Funnell was recently in attendance when Prime Minister Kevin Rudd gave a speech ‘about the ”crisis” of Australia’s ageing population and the various economic challenges we will face as a result.’ For context, Australia’s birth rate has been below the replacement rate of 2.1 since the 1970s and Australia is strict on immigration. After the talk, Rudd came to speak to some under-30s who had grouped together, including Funnell:
At that point one of my friends introduced me, dropping in that I am completing a PhD. At this, Rudd rolled his eyes and in a terse voice lacking any sense of irony remarked that is the “excuse” that “all” young women are using nowadays to avoid starting families. Since then I’ve come up with numerous one-line retorts, but in the moment I just froze in shock.
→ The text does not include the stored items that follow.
(* Let $n\ge 3$ and consider the cycle graph on nodes $1,\dots,n$ with arbitrary measurements $\widetilde{R}_{12},\dots,\widetilde{R}_{n-1,n},\widetilde{R}_{n1}\in\mathrm{SO}(3)$. For each $k\in\{0,\dots,n-1\}$, the point $R=(R_1,\dots,R_n)$ with $R_1=I_3$ and $$R_i=\Big(\prod_{s=1}^{i-1}\widetilde{R}_{s,s+1}\Big)^{\top}E_k^{\,i-1},\qquad i\in\{2,\dots,n\},$$ is a stationary point of $f$ on $\mathrm{SO}(3)^n$, and at this point $f(R)=-3n-2n\operatorname{Tr}(E_k)=-3n-2n\big(1+2\cos(\gamma/n-2k\pi/n)\big)$.
   Context: Cycle-graph rotation averaging setup. Let $n\ge 3$. The cycle graph has nodes $1,\dots,n$ and edges $\{i,i+1\}$ for $i=1,\dots,n-1$ together with $\{n,1\}$; write $i\sim j$ if $\{i,j\}$ is an edge. Each edge carries a measured rotation $\widetilde{R}_{ij}\in\mathrm{SO}(3)$, with the convention $\widetilde{R}_{ji}=\widetilde{R}_{ij}^\top$. Define the symmetric $3n\times 3n$ block matrix $\widetilde{R}$ whose $(i,j)$ $3\times3$ block is $I_3$ if $i=j$, $\widetilde{R}_{ij}$ if $i\sim j$, and $0$ otherwise. For $R=(R_1,\dots,R_n)\in\mathrm{SO}(3)^n$, write $R=[R_1^\top\ \cdots\ R_n^\top]^\top\in\mathbb{R}^{3n\times 3}$ and define $f(R):=-\operatorname{Tr}(R^\top\widetilde{R}R)$; the rotation averaging problem is to minimize $f$ over $\mathrm{SO}(3)^n$. The cycle error is $E:=\widetilde{R}_{12}\widetilde{R}_{23}\cdots\widetilde{R}_{n-1,n}\widetilde{R}_{n1}\in\mathrm{SO}(3)$. Write $E=\exp(\gamma[\hat n]_\times)$ with unit axis $\hat n$ and angle $\gamma=\angle(E)\in[-\pi,\pi]$. For $k\in\{0,\dots,n-1\}$, $E_k:=\exp\big((\gamma/n-2k\pi/n)[\hat n]_\times\big)$. *)

From HB Require Import structures.
From mathcomp Require Import all_boot all_order all_algebra.
From mathcomp Require Import all_classical all_reals all_analysis.
Set Implicit Arguments. Unset Strict Implicit. Unset Printing Implicit Defensive.
Import Order.TTheory GRing.Theory Num.Theory.
Import numFieldNormedType.Exports.
Local Open Scope ring_scope.

(* Nodes 1..n of the paper are the ordinals 0..n-1 of 'I_n.
   Edge {i, i+1} (cyclically, {n,1}) is {i, ordS i}. *)

Section CycleRA.
Variable R : realType.

Definition SO3 (Q : 'M[R]_3) : Prop := Q^T *m Q = 1%:M /\ \det Q = 1.

Definition hat (v : 'cV[R]_3) : 'M[R]_3 :=
  \matrix_(i < 3, j < 3)
    (if (i == 0 :> nat) && (j == 1 :> nat) then - v 2%:R 0
     else if (i == 0 :> nat) && (j == 2 :> nat) then v 1%:R 0
     else if (i == 1 :> nat) && (j == 0 :> nat) then v 2%:R 0
     else if (i == 1 :> nat) && (j == 2 :> nat) then - v 0 0
     else if (i == 2 :> nat) && (j == 0 :> nat) then - v 1%:R 0
     else if (i == 2 :> nat) && (j == 1 :> nat) then v 0 0
     else 0).

(* exp(theta [u]_x) for a unit axis u, in closed (Rodrigues) form:
   exp(theta K) = I + sin theta K + (1 - cos theta) K^2  (K = [u]_x, |u| = 1). *)
Definition expso3 (u : 'cV[R]_3) (theta : R) : 'M[R]_3 :=
  1%:M + sin theta *: hat u + (1 - cos theta) *: (hat u *m hat u).

Definition unit_vec (u : 'cV[R]_3) : Prop := \sum_(i < 3) u i 0 ^+ 2 = 1.

Variable n : nat.

(* meas i = R~_{i,i+1} (indices cyclic; meas (n-1) = R~_{n,1}) *)
(* (i,j) block of the 3n x 3n matrix R~ *)
Definition Rtilde_blk (meas : 'I_n -> 'M[R]_3) (i j : 'I_n) : 'M[R]_3 :=
  if i == j then 1%:M
  else if j == ordS i then meas i
  else if i == ordS j then (meas j)^T
  else 0.

(* f(R) = - Tr(R^T R~ R), with R = [R_1^T ... R_n^T]^T, written blockwise *)
Definition cost (meas : 'I_n -> 'M[R]_3) (X : 'I_n -> 'M[R]_3) : R :=
  - \sum_(i < n) \sum_(j < n) \tr ((X i)^T *m Rtilde_blk meas i j *m X j).

Definition cycle_error (meas : 'I_n -> 'M[R]_3) : 'M[R]_3 :=
  \prod_(i < n) meas i.

Definition skew (W : 'M[R]_3) : Prop := W^T = - W.

(* Stationary point of g on SO(3)^n: X in SO(3)^n, and the directional
   derivative of g at X vanishes along every tangent vector
   V = (X_i W_i)_i, W_i skew (tangent space of SO(3)^n at X). *)
Definition stationary (g : ('I_n -> 'M[R]_3) -> R) (X : 'I_n -> 'M[R]_3) : Prop :=
  (forall i, SO3 (X i)) /\
  forall W : 'I_n -> 'M[R]_3, (forall i, skew (W i)) ->
    is_derive (0 : R) (1 : R)
      (fun t : R => g (fun i => X i + t *: (X i *m W i))) 0.

Definition candidate (meas : 'I_n -> 'M[R]_3) (Ek : 'M[R]_3) (i : 'I_n) : 'M[R]_3 :=
  if i == 0 :> nat then 1%:M
  else (\prod_(s < n | (s < i)%N) meas s)^T *m (Ek ^+ i).

End CycleRA.

From Pilot Require Import Defs.
From HB Require Import structures.
From mathcomp Require Import all_boot all_order all_algebra.
From mathcomp Require Import all_classical all_reals all_analysis.
Import Order.TTheory GRing.Theory Num.Theory.
Import numFieldNormedType.Exports.
From mathcomp Require Import ring lra zify.
Set Implicit Arguments.
Unset Strict Implicit.
Unset Printing Implicit Defensive.
Local Open Scope ring_scope.

(* The argument is a gauge change.  Let P_i be the path product
   R~_{12} ... R~_{i-1,i} and X_i = P_i^T E_k^(i-1) the candidate point.
   Since P_n R~_{n1} = E = E_k^n, every edge block of the cost becomes
   constant:  X_i^T R~_{i,i+1} X_{i+1} = E_k, also across the closing edge.
   Hence X^T R~ X is the block circulant matrix with identity on the
   diagonal and E_k, E_k^T on the two neighbouring diagonals, whose block row
   and column sums all equal the symmetric matrix S = I + E_k + E_k^T.
   This gives the value f(X) = -n Tr S = -3n - 2n Tr E_k, and along a tangent
   curve X_i (I + t W_i), W_i skew, the first-order term is a sum of traces
   Tr(S W_i), which vanish since S is symmetric and W_i skew. *)

Section Rodrigues.
Variable R : realType.
Variable u : 'cV[R]_3.
Local Notation K := (hat u).
Local Notation sqnorm := (u 0 0 ^+ 2 + u 1%:R 0 ^+ 2 + u 2%:R 0 ^+ 2).

Lemma unit_vecE : unit_vec u -> sqnorm = 1.
Proof.
rewrite /unit_vec !big_ord_recr big_ord0 /= add0r => <-.
by congr (u _ 0 ^+ 2 + u _ 0 ^+ 2 + u _ 0 ^+ 2); apply/val_inj.
Qed.

Lemma hat_skew : K^T = - K.
Proof.
apply/matrixP => i j; rewrite !mxE.
by case: i => [[|[|[|?]]] ?]; case: j => [[|[|[|?]]] ?] //=; rewrite ?opprK ?oppr0.
Qed.

Lemma hat_cube : K *m K *m K = - sqnorm *: K.
Proof.
apply/matrixP => i j; rewrite !mxE !big_ord_recr big_ord0 /= !mxE.
rewrite !big_ord_recr !big_ord0 /= !mxE.
by case: i => [[|[|[|?]]] ?]; case: j => [[|[|[|?]]] ?] //=; ring.
Qed.

Lemma mxtrace_hat : \tr K = 0.
Proof. by rewrite /mxtrace !big_ord_recr big_ord0 /= !mxE /= !addr0. Qed.

Lemma mxtrace_hat2 : \tr (K *m K) = - 2 * sqnorm.
Proof.
rewrite /mxtrace !big_ord_recr big_ord0 /= !mxE.
by rewrite !big_ord_recr !big_ord0 /= !mxE /=; ring.
Qed.

(* The Rodrigues formula as a polynomial evaluated at K; products of such
   polynomials differ from the polynomial of the sum angle by a multiple
   of X^3 + X, the annihilator of K for a unit axis. *)
Definition rodrigues_poly (a : R) : {poly R} :=
  1 + (sin a)%:P * 'X + (1 - cos a)%:P * 'X^2.

Lemma expso3_horner a : expso3 u a = horner_mx K (rodrigues_poly a).
Proof.
rewrite /rodrigues_poly /expso3 !mul_polyC !rmorphD /= !linearZ /= rmorph1.
by rewrite horner_mx_X -[1 in RHS]polyC1 horner_mx_C rmorphXn /= horner_mx_X expr2.
Qed.

Lemma rodrigues_polyM a b : rodrigues_poly a * rodrigues_poly b =
  rodrigues_poly (a + b) +
  ((sin a * (1 - cos b) + (1 - cos a) * sin b)%:P
    + ((1 - cos a) * (1 - cos b))%:P * 'X) * ('X^3 + 'X).
Proof. by rewrite /rodrigues_poly sinD cosD !(polyCD, polyCM, polyCN, polyCB); ring. Qed.

Hypothesis hu : unit_vec u.

Lemma hat_annihilator : horner_mx K ('X^3 + 'X) = 0.
Proof.
rewrite rmorphD rmorphXn /= horner_mx_X !exprS expr0 mulr1 mulrA.
by have := hat_cube; rewrite !mulmxE => ->; rewrite unit_vecE // scaleN1r addNr.
Qed.

Lemma expso3D a b : expso3 u a *m expso3 u b = expso3 u (a + b).
Proof.
rewrite !expso3_horner mulmxE -rmorphM /= rodrigues_polyM.
by rewrite rmorphD rmorphM /= hat_annihilator mulr0 addr0.
Qed.

Lemma expso3_0 : expso3 u 0 = 1%:M.
Proof. by rewrite /expso3 sin0 cos0 subrr !scale0r !addr0. Qed.

Lemma expso3_tr a : (expso3 u a)^T = expso3 u (- a).
Proof.
rewrite /expso3 !linearD /= !linearZ /= trmx1 trmx_mul hat_skew mulNmx mulmxN.
by rewrite opprK sinN cosN scaleNr scalerN.
Qed.

Lemma expso3_orth a : (expso3 u a)^T *m expso3 u a = 1%:M.
Proof. by rewrite expso3_tr expso3D addNr expso3_0. Qed.

Lemma expso3X a (m : nat) : expso3 u a ^+ m = expso3 u (m%:R * a).
Proof.
elim: m => [|m IH]; first by rewrite expr0 mul0r expso3_0.
by rewrite exprS IH -mulmxE expso3D -{1}(mul1r a) -mulrDl -natr1 addrC.
Qed.

(* The determinant is a square (of the half-angle determinant) equal to +-1. *)
Lemma expso3_det a : \det (expso3 u a) = 1.
Proof.
have det_sq b : \det (expso3 u b) ^+ 2 = 1.
  by rewrite expr2 -{1}det_tr -det_mulmx expso3_orth det1.
by rewrite [a]splitr -expso3D det_mulmx -expr2 det_sq.
Qed.

Lemma expso3_trace a : \tr (expso3 u a) = 1 + 2 * cos a.
Proof.
rewrite /expso3 !mxtraceD !mxtraceZ mxtrace1 mxtrace_hat mxtrace_hat2 unit_vecE //.
by rewrite mulr0 addr0; ring.
Qed.

End Rodrigues.

Section Orthogonal.
Variables (F : comUnitRingType) (m : nat).
Implicit Types Q : 'M[F]_m.

Definition orthogonal Q : Prop := Q^T *m Q = 1%:M.

Lemma orthogonal_mulC Q : orthogonal Q -> Q *m Q^T = 1%:M.
Proof. exact: mulmx1C. Qed.

Lemma orthogonal1 : orthogonal 1%:M.
Proof. by rewrite /orthogonal trmx1 mul1mx. Qed.

Lemma orthogonalM P Q : orthogonal P -> orthogonal Q -> orthogonal (P *m Q).
Proof. by rewrite /orthogonal trmx_mul => hP hQ; rewrite -mulmxA (mulmxA P^T) hP mul1mx. Qed.

Lemma orthogonalX Q k : orthogonal Q -> orthogonal (Q ^+ k).
Proof.
move=> hQ; elim: k => [|k IH]; first by rewrite expr0; exact: orthogonal1.
by rewrite exprS -mulmxE; apply: orthogonalM.
Qed.

Lemma orthogonal_tr Q : orthogonal Q -> orthogonal Q^T.
Proof. by rewrite /orthogonal trmxK; exact: orthogonal_mulC. Qed.

End Orthogonal.

Lemma mxtrace_sym_skew (R : realFieldType) (m : nat) (S W : 'M[R]_m) :
  S^T = S -> W^T = - W -> \tr (S *m W) = 0.
Proof.
move=> hS hW; have : \tr (S *m W) = - \tr (S *m W).
  by rewrite -[LHS]mxtrace_tr trmx_mul hS hW mulNmx linearN /= [in LHS]mxtrace_mulC.
lra.
Qed.

Lemma mxtrace_expand (R : comPzRingType) (m : nat) (Xi Xj Wi Wj B : 'M[R]_m) (t : R) :
  \tr ((Xi + t *: (Xi *m Wi))^T *m B *m (Xj + t *: (Xj *m Wj))) =
  \tr (Xi^T *m B *m Xj)
  + t * (\tr (Wi^T *m (Xi^T *m B *m Xj)) + \tr (Xi^T *m B *m Xj *m Wj))
  + t ^+ 2 * \tr (Wi^T *m (Xi^T *m B *m Xj) *m Wj).
Proof.
rewrite [(_ + _)^T]linearD /= [(_ *: _)^T]linearZ /= trmx_mul.
by rewrite !mulmxDl !mulmxDr -!scalemxAl -!scalemxAr !mxtraceD !mxtraceZ !mulmxA; ring.
Qed.

Lemma is_derive_quadratic (R : realType) (a b c : R) :
  is_derive (0 : R) (1 : R) (fun t : R => a + t * b + t ^+ 2 * c) b.
Proof.
pose p : {poly R} := a%:P + b%:P * 'X + c%:P * 'X * 'X.
have -> : (fun t : R => a + t * b + t ^+ 2 * c) = horner p.
  by apply/funext => t; rewrite !hornerD hornerC !hornerMX !hornerC; ring.
have -> : b = p^`().[0].
  rewrite !derivD derivC !derivM !derivC derivX.
  by rewrite !(hornerD, hornerMX, hornerC, hornerX, hornerM); ring.
exact: is_derive_poly.
Qed.

Section CycleIndices.
Variable n' : nat.
Local Notation n := n'.+1.
Hypothesis hn : (2 <= n')%N.

Lemma ordS_neq (i : 'I_n) : (ordS i == i) = false.
Proof.
apply/negbTE/eqP => /(congr1 val) /= e; have hi := ltn_ord i.
have [h|h] := ltnP i.+1 n; first by move: e; rewrite modn_small //; lia.
have ei : i.+1 = n by lia.
by move: e; rewrite ei modnn; lia.
Qed.

Lemma ordS_ordS_neq (i : 'I_n) : (i == ordS (ordS i)) = false.
Proof.
apply/negbTE/eqP => /(congr1 val) /= e; have hi := ltn_ord i.
have [h|h] := ltnP i.+1 n; last first.
  have ei : i.+1 = n by lia.
  by move: e; rewrite ei modnn modn_small; lia.
move: e; rewrite (modn_small h); have [h2|h2] := ltnP i.+2 n.
  by rewrite modn_small //; lia.
have ei : i.+2 = n by lia.
by rewrite ei modnn; lia.
Qed.

End CycleIndices.

Section UniformCycle.
Variable R : realType.
Variable n' : nat.
Local Notation n := n'.+1.
Hypothesis hn : (2 <= n')%N.
Variable A : 'M[R]_3.
Local Notation B := (Rtilde_blk (fun _ : 'I_n => A)).

(* For n >= 3 the diagonal and the two off-diagonal positions are disjoint,
   so each block is a sum of three indicator terms. *)
Lemma Rtilde_uniformE (i j : 'I_n) : B i j =
  (if i == j then 1%:M else 0) + (if j == ordS i then A else 0)
  + (if i == ordS j then A^T else 0).
Proof.
rewrite /Rtilde_blk; case: (i =P j) => [<-|_]; first by rewrite eq_sym ordS_neq // !addr0.
case: (j =P ordS i) => [->|_]; first by rewrite ordS_ordS_neq // add0r addr0.
by case: (i =P ordS j) => _; rewrite !add0r.
Qed.

Lemma sum_pick (k : 'I_n) (M : 'M[R]_3) : \sum_(j < n) (if j == k then M else 0) = M.
Proof. by rewrite -big_mkcond big_pred1_eq. Qed.

Lemma sum_pick_sym (k : 'I_n) (M : 'M[R]_3) : \sum_(j < n) (if k == j then M else 0) = M.
Proof. by rewrite -[RHS](sum_pick k); apply: eq_bigr => j _; rewrite eq_sym. Qed.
You should read the whole piece as Funnell takes this down beautifully. (‘Why do we assume it is the obligation of all women to reproduce? And why do we label them as selfish when they don’t? We never label career-driven men as selfish.’) I’m reluctant to tear apart Mr Rudd’s statement myself as, well, while the sentiment is pretty clear, what’s not clear from the article is what he said in full.
In any case, we can turn to the general sentiment. There are various harms in treating women as a monolith. I resent the assertion that not having children and at the “right time” is a bad thing. It holds women to be essentially baby makers who aren’t doing their duty to their country if they don’t follow the script – and this is something that needs an excuse. It also holds women responsible for the difficulties involved in pursuing higher academic study and starting a family at the same time. If Mr Rudd’s government, and governments worldwide, would be more supportive of those in that position, fewer people would have to face a choice between them. Until then, that some are put in this position is hardly their fault, hardly something for which women ought to be treated condescendingly.
What this script also does is assume that “avoiding” starting families (avoiding the right and inevitable thing, those naughty girlies!) is a choice for all women. Not every woman is able to reproduce or adopt or some such, or is able to keep their children if they do. Some women are actively forced into reproducing. And some women, rather than having this obligation to reproduce weighed on them, are considered to have quite the opposite obligation, to not reproduce at all. Disabled and poor women, for instance, are often discouraged – if not actively prevented – from having children. You know, supposedly for the good of society. Placing the emphasis on “avoiding” reproducing means adopting a monolithic view of women’s experience, erasing many. They’re written out of the script.
And, moving back to the idea that women who don’t reproduce according to the script owe excuses, I think it’s important to determine precisely to whom these women are supposed to be offering their justifications and apologies. Really, who? We’re autonomous human beings, we don’t need to go around with bowed heads and guilty expressions for doing as we please, or as we must, with our own bodies and lives. Women certainly don’t owe babies to society, or to politicians, or to those judging them, or to anyone at all.
Women’s reproductive choices should be ours alone. We ought to be accountable to our own desires in these matters, not those of onlookers who think they know better.